Les myopathies inflammatoires idiopathiques (MII) sont hétérogènes dans leurs physiopathologies et pronostics. L’émergence d’auto-anticorps spécifiques de myosites (ASM) suggère des sous-groupes plus homogènes de patients. Notre but est de trouver une nouvelle classification des MII basée des critères phénotypiques, biologiques et immunologiques.

Une étude observationnelle, rétrospective, multicentrique, internationale a été conduite à partir de la base de données des myosites du Centre de référence des maladies neuromusculaires Paris centre (hôpital Pitié-Salpêtrière). Nous avons inclus 260 myosites, à la Pitié-Salpêtrière, définies selon les classifications historiques de Bohan et Peter pour la polymyosite (PM) et dermatomyosite (DM) et Griggs revue par Lloyd pour la myosite à inclusions (MI). Tous les patients ont été suivis depuis au moins 2003 (disponibilité des kits de détection des ASM) à février 2016 (gel de base) et ont eu au moins le dot myosite DTEK, PMS8D (Mons, Belgium). Nous avons effectué une analyse de correspondance multiple suivie d’une classification hiérarchique ascendante afin d’agréger les patients dans des sous-groupes plus homogènes. Ensuite, nous avons utilisé une méthode de classement basée sur des arbres décisionnels (CART) pour prédire le groupe d’appartenance d’un nouvel individu. Enfin, un jeu indépendant de patients de la base (n=50), provenant des centres externes, ont servi à une validation de notre modèle de classification.

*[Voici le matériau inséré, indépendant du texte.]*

(* For every integer $L\geq 0$, \[ \sum_{j=-\infty}^{\infty} q^{\binom{j-1}{2}} \left(\frac{j}{3}\right) {2L+1 \brack L+j}_q = q^L\,\frac{(-1;q^3)_L}{(-1;q)_L}\,\bigl(1+q-q^{L+1}\bigr), \] where $\binom{j-1}{2}=\frac{(j-1)(j-2)}{2}$.
   Context: For a variable $a$ and integer $n\ge 0$, $(a;q)_n=(1-a)(1-aq)\cdots(1-aq^{n-1})$ (with $(a;q)_0=1$). The $q$-binomial coefficient is ${A \brack B}_q=\frac{(q;q)_A}{(q;q)_B(q;q)_{A-B}}$ if $0\le B\le A$ are integers, and $0$ otherwise. $\left(\frac{j}{3}\right)$ is the Legendre symbol modulo 3: it equals $1$ if $j\equiv 1 \pmod 3$, $-1$ if $j\equiv -1\pmod 3$, and $0$ if $3\mid j$. *)

From HB Require Import structures.
From mathcomp Require Import all_boot all_order all_algebra.
Set Implicit Arguments.
Unset Strict Implicit.
Unset Printing Implicit Defensive.
Import Order.TTheory GRing.Theory Num.Theory.
Local Open Scope ring_scope.

Definition QF := {fraction {poly rat}}.

Definition qv : QF := FracField.tofrac ('X : {poly rat}).

Definition qpoch {R : comPzRingType} (a q : R) (n : nat) : R :=
  \prod_(i < n) (1 - a * q ^+ i).

Definition qbinom {F : fieldType} (q : F) (A B : int) : F :=
  if (0 <= B) && (B <= A) then
    qpoch q q `|A|%N / (qpoch q q `|B|%N * qpoch q q `|A - B|%N)
  else 0.

Definition legendre3 (j : int) : int :=
  if (j %% 3)%Z == 1 then 1 else if (j %% 3)%Z == 2 then -1 else 0.

(* binom(j-1, 2) = (j-1)(j-2)/2, an exact integer division. *)
Definition binom2m1 (j : int) : int := (((j - 1) * (j - 2)) %/ 2)%Z.

From HB Require Import structures.
From mathcomp Require Import all_boot all_order all_algebra.
From mathcomp Require Import ring zify.
Import GRing.Theory Num.Theory.
Local Open Scope ring_scope.
Set Implicit Arguments.
Unset Strict Implicit.

(* The sum is supported on 0 <= L + j <= 2L + 1. Writing k = L + j, its terms are, up
   to the factor q^(3 binom(L+1,2)), the coefficients c_k of Rothe's polynomial
   P_L = prod_(i <= 2L) (q^(L+1) + q^i X), each weighted by the Legendre symbol
   ((k - L)/3). This symbol is 3-periodic with zero sum over a period, so such a
   weighted sum only depends on P_L modulo 1 + X + X^2, i.e. on P_L(w) for a primitive
   cube root of unity w. Splitting off the first and last factors of P_(L+1) and using
   w^3 = 1 and (1 + x w)(1 + x w^2) = 1 - x + x^2 gives by induction, modulo 1 + X + X^2,
     P_L = - q^(3 binom(L+1,2)) prod_(i < L) (1 - q^i + q^(2i))
             * X^L (1 + q^L X^2)(1 + q^(L+1) X^2),
   whose weighted sum is read off directly; the product is (-1;q^3)_L / (-1;q)_L. *)

Lemma legendre3_sum3 (j : int) :
  legendre3 j + legendre3 (j + 1) + legendre3 (j + 2) = 0.
Proof.
rewrite /legendre3 -(modzDml j 1) -(modzDml j 2).
have : (j %% 3)%Z \in [:: 0; 1; 2] by rewrite !inE; lia.
by rewrite !inE => /or3P[] /eqP ->.
Qed.

Lemma big_ord_support (V : nmodType) (n a m : nat) (f : nat -> V) :
  (a + m <= n)%N -> (forall i, (i < a)%N || (a + m <= i)%N -> f i = 0) ->
  \sum_(i < n) f i = \sum_(k < m) f (k + a)%N.
Proof.
move=> le_amn f_supp; rewrite -(big_mkord xpredT f).
rewrite (@big_cat_nat _ _ _ a) ?(leq_trans (leq_addr m a)) //=.
rewrite [X in _ + X](@big_cat_nat _ _ _ (a + m)) ?leq_addr //=.
rewrite big_nat_cond big1 ?add0r; last first.
  by move=> i /andP[/andP[_ lt_ia] _]; rewrite f_supp ?lt_ia.
rewrite [X in _ + X]big_nat_cond [X in _ + X]big1 ?addr0; last first.
  by move=> i /andP[/andP[le_i _] _]; rewrite f_supp // le_i orbT.
by rewrite -{1}[a]add0n big_addn addKn big_mkord.
Qed.

Lemma bin2_mul2 k : ('C(k, 2) * 2 = k * (k - 1))%N.
Proof.
rewrite subn1 bin2 -[RHS]odd_double_half oddM.
by case: k => //= k; rewrite andNb add0n -muln2.
Qed.

Lemma dvdp_subM (R : idomainType) (d a b c e : {poly R}) :
  d %| a - b -> d %| c - e -> d %| a * c - b * e.
Proof.
move=> dvd_ab dvd_ce; have -> : a * c - b * e = (a - b) * c + b * (c - e) by ring.
by apply: dvdp_add; [exact: dvdp_mulr | exact: dvdp_mull].
Qed.

Lemma qpochS (R : comPzRingType) (a q : R) n :
  qpoch a q n.+1 = qpoch a q n * (1 - a * q ^+ n).
Proof. by rewrite /qpoch big_ord_recr. Qed.

Lemma qpoch_N1_cube (R : comPzRingType) (q : R) n :
  qpoch (-1) (q ^+ 3) n = qpoch (-1) q n * \prod_(i < n) (1 - q ^+ i + q ^+ i ^+ 2).
Proof.
rewrite /qpoch -big_split /=; apply: eq_bigr => i _.
by rewrite -exprM mulnC exprM; ring.
Qed.

Definition cyclo3 {R : nzRingType} : {poly R} := 1 + 'X + 'X^2.

Section LegendreSum.
Variable R : nzRingType.
Implicit Types (s : int) (c : R) (p r : {poly R}).

Definition legendre_sum s p : R :=
  \sum_(i < size p) p`_i * (legendre3 (i%:Z + s))%:~R.

Lemma legendre_sumE s p n : (size p <= n)%N ->
  legendre_sum s p = \sum_(i < n) p`_i * (legendre3 (i%:Z + s))%:~R.
Proof.
move=> le_p_n; rewrite /legendre_sum.
rewrite (big_ord_widen n (fun i => p`_i * (legendre3 (i%:Z + s))%:~R) le_p_n).
rewrite big_mkcond /=; apply: eq_bigr => i _; case: ltnP => // le_p_i.
by rewrite nth_default ?mul0r.
Qed.

Lemma legendre_sumZ s c p : legendre_sum s (c *: p) = c * legendre_sum s p.
Proof.
rewrite (legendre_sumE s (size_scale_leq c p)) /legendre_sum mulr_sumr.
by apply: eq_bigr => i _; rewrite coefZ mulrA.
Qed.

Lemma legendre_sumD s p r :
  legendre_sum s (p + r) = legendre_sum s p + legendre_sum s r.
Proof.
set n := maxn (size p) (size r).
rewrite (legendre_sumE s (size_polyD p r)).
rewrite (legendre_sumE s (leq_maxl _ _ : size p <= n)%N).
rewrite (legendre_sumE s (leq_maxr _ _ : size r <= n)%N) -big_split /=.
by apply: eq_bigr => i _; rewrite coefD mulrDl.
Qed.

Lemma legendre_sumXM s p : legendre_sum s ('X * p) = legendre_sum (s + 1) p.
Proof.
have le_Xp : (size ('X * p)%R <= (size p).+1)%N.
  by apply: leq_trans (size_polyMleq _ _) _; rewrite size_polyX.
rewrite (legendre_sumE s le_Xp) big_ord_recl coefXM mul0r add0r.
by apply: eq_bigr => i _; rewrite lift0 coefXM /= -addn1 PoszD addrAC -addrA.
Qed.

Lemma legendre_sumXnM s n p :
  legendre_sum s ('X^n * p) = legendre_sum (s + n%:Z) p.
Proof.
elim: n s => [|n IHn] s; first by rewrite expr0 mul1r addr0.
by rewrite exprS -mulrA legendre_sumXM IHn -addrA -intS.
Qed.

Lemma legendre_sumC s c : legendre_sum s c%:P = c * (legendre3 s)%:~R.
Proof.
by rewrite -alg_polyC legendre_sumZ /legendre_sum size_poly1 big_ord1 coef1 mul1r add0r.
Qed.

Lemma legendre_sumCXM s c p :
  legendre_sum s (c%:P + 'X * p) = c * (legendre3 s)%:~R + legendre_sum (s + 1) p.
Proof. by rewrite legendre_sumD legendre_sumC legendre_sumXM. Qed.

Lemma legendre_sum_mul_cyclo3 s p : legendre_sum s (p * cyclo3) = 0.
Proof.
have -> : p * cyclo3 = p + 'X * p + 'X * ('X * p).
  by rewrite /cyclo3 !mulrDr mulr1 expr2 mulrA !commr_polyX.
rewrite !legendre_sumD !legendre_sumXM /legendre_sum -!big_split /= big1 // => i _.
by rewrite -!mulrDr -!intrD !addrA -(addrA _ 1 1) legendre3_sum3 mulr0.
Qed.

End LegendreSum.

Lemma legendre_sum_eqmod (F : fieldType) s (p r : {poly F}) :
  cyclo3 %| p - r -> legendre_sum s p = legendre_sum s r.
Proof.
case/dvdpP=> h /eqP; rewrite subr_eq => /eqP ->.
by rewrite legendre_sumD legendre_sum_mul_cyclo3 add0r.
Qed.

Section Cyclo3Congruences.
Variable F : fieldType.
Implicit Types c : {poly F}.

Lemma cyclo3_addX c : cyclo3 %| (c + 'X) - 'X * (1 + c * 'X^2).
Proof. by apply/dvdpP; exists (c * (1 - 'X)); rewrite /cyclo3; ring. Qed.

Lemma cyclo3_mulX c : cyclo3 %| (1 + c * 'X) * (1 + c * 'X^2) - (1 - c + c ^+ 2).
Proof. by apply/dvdpP; exists (c + c ^+ 2 * ('X - 1)); rewrite /cyclo3; ring. Qed.

Lemma cyclo3_addX_opp c : cyclo3 %| (c + 'X) + (1 + 'X^2) * (1 + c * 'X^2).
Proof. by apply/dvdpP; exists (1 + c * (1 - 'X + 'X^2)); rewrite /cyclo3; ring. Qed.

End Cyclo3Congruences.

Section QBinomial.
Variables (F : fieldType) (q : F).
Hypothesis qX_neq1 : forall k, 1 - q ^+ k.+1 != 0.
Implicit Types n k : nat.

Lemma qpoch_q_neq0 n : qpoch q q n != 0.
Proof.
elim: n => [|n IHn]; first by rewrite /qpoch big_ord0 oner_eq0.
by rewrite qpochS -exprS mulf_neq0.
Qed.

Lemma qbinom_nat n k : qbinom q n k =
  if (k <= n)%N then qpoch q q n / (qpoch q q k * qpoch q q (n - k)) else 0.
Proof.
rewrite /qbinom lez_nat le0z_nat /=.
by case: ifP => le_kn //; rewrite (distnEl le_kn).
Qed.

Lemma qbinom_gt n k : (n < k)%N -> qbinom q n k = 0.
Proof. by move=> lt_nk; rewrite qbinom_nat leqNgt lt_nk. Qed.

Lemma qbinomn0 n : qbinom q n 0%N = 1.
Proof.
by rewrite qbinom_nat subn0 /qpoch big_ord0 mul1r divff ?qpoch_q_neq0.
Qed.

Lemma qbinomnn n : qbinom q n n = 1.
Proof.
by rewrite qbinom_nat leqnn subnn /qpoch big_ord0 mulr1 divff ?qpoch_q_neq0.
Qed.

Lemma qbinomSS n k :
  qbinom q n.+1 k.+1 = qbinom q n k.+1 + q ^+ (n - k) * qbinom q n k.
Proof.
case: (ltngtP k n) => [lt_kn|lt_nk|<-]; last first.
- by rewrite [qbinom q k k.+1]qbinom_gt // !qbinomnn subnn mulr1 add0r.
- by rewrite !qbinom_gt ?mulr0 ?addr0 // ltnW.
rewrite !qbinom_nat ltnS lt_kn (ltnW lt_kn) subSS.
have -> : (n - k = (n - k.+1).+1)%N by lia.
rewrite !qpochS -!exprS.
have -> : q ^+ n.+1 = q ^+ k.+1 * q ^+ (n - k.+1).+1.
  by rewrite -exprD; congr (_ ^+ _); lia.
by field; rewrite !qpoch_q_neq0 !qX_neq1.
Qed.

End QBinomial.

Section Rothe.
Variables (F : fieldType) (q : F).
Implicit Types (y : F) (n k : nat).

Definition rothe y n : {poly F} := \prod_(i < n) (y%:P + (q ^+ i)%:P * 'X).

Lemma rotheS y n : rothe y n.+1 = rothe y n * (y%:P + (q ^+ n)%:P * 'X).
Proof. by rewrite /rothe big_ord_recr. Qed.

Lemma rothe_recLR y n : rothe (q * y) n.+2 =
  ((q * y)%:P + 'X) * ((q ^+ n)%:P * rothe y n) * ((q * y)%:P + (q ^+ n.+1)%:P * 'X).
Proof.
rewrite rotheS /rothe big_ord_recl expr0 polyC1 mul1r; congr (_ * _ * _).
under eq_bigr => i _ do rewrite lift0 exprS !polyCM -mulrA -mulrDr.
by rewrite big_split prodr_const card_ord rmorphXn.
Qed.

Hypothesis qX_neq1 : forall k, 1 - q ^+ k.+1 != 0.

Lemma coef_rothe y n k :
  (rothe y n)`_k = q ^+ 'C(k, 2) * y ^+ (n - k) * qbinom q n k.
Proof.
elim: n k => [|n IHn] k.
  rewrite /rothe big_ord0 coef1; case: k => [|k]; first by rewrite qbinomn0 ?mulr1.
  by rewrite qbinom_gt ?mulr0.
rewrite rotheS mulrDr coefD coefMC mulrA coefMX coefMC.
case: k => [|k]; first by rewrite IHn !qbinomn0 //= !subn0 !mulr1 addr0 -mulrA -exprSr.
rewrite /= !IHn qbinomSS // subSS binS bin1 exprD.
case: (ltngtP k n) => [lt_kn|lt_nk|->].
- have -> : q ^+ n = q ^+ k * q ^+ (n - k) by rewrite -exprD subnKC // ltnW.
  by rewrite -(subnSK lt_kn) !exprS; ring.
- by rewrite !qbinom_gt ?ltnS ?(ltnW lt_nk) //; ring.
- by rewrite (qbinom_gt q (ltnSn n)) subnn; ring.
Qed.

End Rothe.

Section RotheModCyclo3.
Variables (F : fieldType) (q : F).

Definition residue_coef L : F :=
  q ^+ (3 * 'C(L.+1, 2)) * \prod_(i < L) (1 - q ^+ i + q ^+ i ^+ 2).

Definition rothe_residue L : {poly F} :=
  (residue_coef L)%:P * 'X^L * ((1 + (q ^+ L)%:P * 'X^2) * (1 + (q ^+ L.+1)%:P * 'X^2)).

Lemma residue_coefS L :
  residue_coef L.+1 = (q * q ^+ L) ^+ 3 * (1 - q ^+ L + q ^+ L ^+ 2) * residue_coef L.
Proof.
rewrite /residue_coef big_ord_recr /= binS bin1 mulnDr exprD !(mulnC 3) !exprM.
by rewrite -exprS; ring.
Qed.

Lemma rothe_residue_cyclo3 L :
  cyclo3 %| rothe q (q ^+ L.+1) (2 * L + 1) + rothe_residue L.
Proof.
elim: L => [|L IHL].
  rewrite /rothe_residue /residue_coef /rothe big_ord1 big_ord0.
  by rewrite !expr0 !mulr1 !polyC1 !mul1r cyclo3_addX_opp.
rewrite [q ^+ L.+2]exprS (_ : 2 * L.+1 + 1 = (2 * L + 1).+2)%N; last by lia.
rewrite rothe_recLR; set P := rothe q _ _.
have e : q ^+ (2 * L + 1) = q * (q ^+ L * q ^+ L).
  by rewrite -expr2 -exprM -exprS mulnC addn1.
rewrite /rothe_residue residue_coefS !exprS e !(polyCM, polyCD, polyCN, polyC1).
set Q := q%:P; set a := (q ^+ L)%:P.
have step := dvdp_subM (cyclo3_addX (Q ^+ 2 * a)) (cyclo3_mulX a).
(* A multiple of [IHL] minus a multiple of [step]. *)
rewrite [X in _ %| X](_ : _ = (Q * a) ^+ 3 * ((Q ^+ 2 * a + 'X) * (1 + a * 'X)) *
      (P + rothe_residue L)
  - (Q * a) ^+ 3 * (residue_coef L)%:P * 'X^L * (1 + Q * a * 'X^2) *
    ((Q ^+ 2 * a + 'X) * ((1 + a * 'X) * (1 + a * 'X^2))
     - 'X * (1 + Q ^+ 2 * a * 'X^2) * (1 - a + a ^+ 2))).
  by apply: dvdp_sub; apply: dvdp_mull.
by rewrite /rothe_residue /residue_coef (exprS q L) !polyCM -/a -/Q; ring.
Qed.

Lemma legendre_sum_rothe L :
  legendre_sum (- L%:Z) (rothe q (q ^+ L.+1) (2 * L + 1)) =
  residue_coef L * (q ^+ L + q ^+ L.+1 - q ^+ L * q ^+ L.+1).
Proof.
rewrite (@legendre_sum_eqmod _ _ _ (- rothe_residue L)) ?opprK ?rothe_residue_cyclo3 //.
rewrite -scaleN1r /rothe_residue -mulrA mul_polyC scalerA !legendre_sumZ.
rewrite legendre_sumXnM addNr (_ : (1 + _ * 'X^2) * (1 + _ * 'X^2) =
  1%:P + 'X * (0%:P + 'X * ((q ^+ L + q ^+ L.+1)%:P
                             + 'X * (0%:P + 'X * (q ^+ L * q ^+ L.+1)%:P)))); last first.
  by rewrite polyCD polyCM polyC0 polyC1; ring.
by rewrite !legendre_sumCXM legendre_sumC /legendre3 /=; ring.
Qed.

End RotheModCyclo3.

Lemma binom2m1_sub (k L : nat) : (k <= 2 * L + 1)%N ->
  binom2m1 (k%:Z - L%:Z) =
  ('C(k, 2) + L.+1 * (2 * L + 1 - k))%N%:Z - (3 * 'C(L.+1, 2))%N%:Z.
Proof.
move=> le_k; rewrite /binom2m1.
have h1 := bin2_mul2 k; have := bin2_mul2 L.+1; rewrite subn1 /= => h2.
set r := (('C(k, 2) + L.+1 * (2 * L + 1 - k))%N%:Z - (3 * 'C(L.+1, 2))%N%:Z)%R.
have -> : ((k%:Z - L%:Z - 1) * (k%:Z - L%:Z - 2) = r * 2)%R by rewrite /r; nia.
by rewrite mulzK.
Qed.

Section MainIdentity.
Variables (F : fieldType) (q : F).
Hypotheses (q_neq0 : q != 0) (qX_neq1 : forall k, 1 - q ^+ k.+1 != 0)
  (qX_neqN1 : forall k, 1 + q ^+ k != 0).

Definition legendre3_qbinom_term L (j : int) : F :=
  q ^ binom2m1 j * (legendre3 j)%:~R * qbinom q (2 * L + 1)%:Z (L%:Z + j).

Lemma expr_binom2m1 L k : (k <= 2 * L + 1)%N ->
  q ^ binom2m1 (k%:Z - L%:Z) * q ^+ (3 * 'C(L.+1, 2)) =
  q ^+ 'C(k, 2) * (q ^+ L.+1) ^+ (2 * L + 1 - k).
Proof.
by move=> le_k; rewrite binom2m1_sub // -exprM -exprD exprnP -expfzDr // subrK.
Qed.

Lemma legendre3_qbinom_sum L :
  \sum_(i < 4 * L + 5)
     (let j : int := (i%:Z - (2 * L + 2)%:Z)%R in
      q ^ (binom2m1 j) * (legendre3 j)%:~R
         * qbinom q (2 * L + 1)%:Z (L%:Z + j))
  = q ^+ L * (qpoch (-1) (q ^+ 3) L / qpoch (-1) q L)
      * (1 + q - q ^+ L.+1).
Proof.
rewrite (big_ord_support (a := L + 2) (m := (2 * L + 1).+1)
    (f := fun i => legendre3_qbinom_term L (i%:Z - (2 * L + 2)%:Z))); last 2 first.
- by rewrite -ltnS; lia.
- move=> i supp_i; rewrite /legendre3_qbinom_term /qbinom.
  by case: ifP => [/andP[le0 le1]|]; [lia | rewrite mulr0].
apply: (mulIf (expf_neq0 (3 * 'C(L.+1, 2)) q_neq0)); rewrite mulr_suml.
rewrite (eq_bigr (fun k : 'I_(2 * L + 1).+1 =>
  (rothe q (q ^+ L.+1) (2 * L + 1))`_k * (legendre3 (k%:Z + - L%:Z))%:~R)) => [|k _].
  rewrite -legendre_sumE ?legendre_sum_rothe /residue_coef ?qpoch_N1_cube; last first.
    by apply/leq_sizeP => j lt_j; rewrite coef_rothe // qbinom_gt ?mulr0.
  have qpoch_neq0 : qpoch (-1) q L != 0.
    by apply/prodf_neq0 => i _; rewrite mulN1r opprK.
  by rewrite exprS; field.
have le_k : (k <= 2 * L + 1)%N by rewrite -ltnS.
rewrite /legendre3_qbinom_term (_ : _ - _ = k%:Z - L%:Z); last by lia.
rewrite (_ : L%:Z + _ = k); last by lia.
by rewrite coef_rothe // -expr_binom2m1 //; ring.
Qed.

End MainIdentity.

Lemma qvX n : qv ^+ n = tofrac ('X^n : {poly rat}).
Proof. by rewrite /qv rmorphXn. Qed.

Lemma qv_neq0 : qv != 0.
Proof. by rewrite tofrac_eq0 polyX_eq0. Qed.

Lemma oneBqvX_neq0 k : 1 - qv ^+ k.+1 != 0.
Proof.
rewrite qvX -tofrac1 -tofracB tofrac_eq0; apply/eqP => /(congr1 (horner^~ 0)).
by rewrite !hornerE expr0n subr0 => /eqP; rewrite oner_eq0.
Qed.

Lemma oneDqvX_neq0 k : 1 + qv ^+ k != 0.
Proof.
rewrite qvX -tofrac1 -tofracD tofrac_eq0; apply/eqP => /(congr1 (horner^~ 1)).
by rewrite !hornerE expr1n => /eqP; rewrite -mulr2n pnatr_eq0.
Qed.

Theorem theorem2p2 (L : nat) :
  \sum_(i < 4 * L + 5)
     (let j : int := (i%:Z - (2 * L + 2)%:Z)%R in
      qv ^ (binom2m1 j) * (legendre3 j)%:~R
         * qbinom qv (2 * L + 1)%:Z (L%:Z + j))
  = qv ^+ L * (qpoch (-1) (qv ^+ 3) L / qpoch (-1) qv L)
      * (1 + qv - qv ^+ L.+1).
Proof.
exact: (legendre3_qbinom_sum qv_neq0 oneBqvX_neq0 oneDqvX_neq0).
Qed.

Quatre clusters émergent. Le premier cluster (n=77) regroupe principalement des MI (n=72/77, 93,5 %) avec des vacuoles bordées (n=62/77, 80,5 %), des anomalies mitochondriales (n=61/77, 79,2 %) et de l’inflammation avec des fibres envahies (n=52/77, 67,5 %). Le deuxième cluster (n=91) était caractérisé par des myopathies nécrosantes auto-immunes (MNAi) en majorité (n=53/91, 58,2 %), avec des anticorps anti-SRP (n=23/91, 25,27 %) et anti-HMGCR (n=20/91, 21,9 %). Le troisième cluster (n=52) regroupe essentiellement des DM (n=43/52 ; 82,7 %) avec des anticorps anti-Mi2 (n=10/52, 19,2 %), anti-MDA5 (n=3/52 ; 5,7 %, p=0,02), ou anti-TiF1 gamma (n=2/52 ; 3,8 %, p=0,04). Le quatrième cluster (n=40) était défini par le syndrome des anti-synthétases (SAS, n=36/40, 90 %), avec notamment la présence des anticorps anti-Jo1 (n=31/40, 77,5 %) ou anti-PL7 (n=3/40, 7,5 %, p=0,0184). Ces clusters sont prédits par un modèle d’arbre décisionnel (78 % de taux de prédiction correcte) avec seulement 3 prédicteurs liés à des caractéristiques cliniques et sérologiques, c’est-à-dire, les lésions cutanées typiques de DM, les anticorps du SAS et la flexion des doigts (score MRC5 ≤3). Ces critères de classification mesurent globalement une sensibilité 82 % et une spécificité de 94 %. Les patients issus du jeu de données indépendant retombent dans les 4 clusters. La concordance entre les 2 classifications est bonne (Kappa light de Cohen : 0,75 ; IC à 95 % : [0,59–0,88]).

Une nouvelle classification des MII est proposée sur la base des 4 clusters émergeant à partir de méthodes de classification non supervisées. Ces 4 clusters correspondent aux MI, DM, MNAi et SAS où la PM segmentée n’a plus sa place. Cette classification souligne l’importance d’une approche ciblée clinico-sérologique.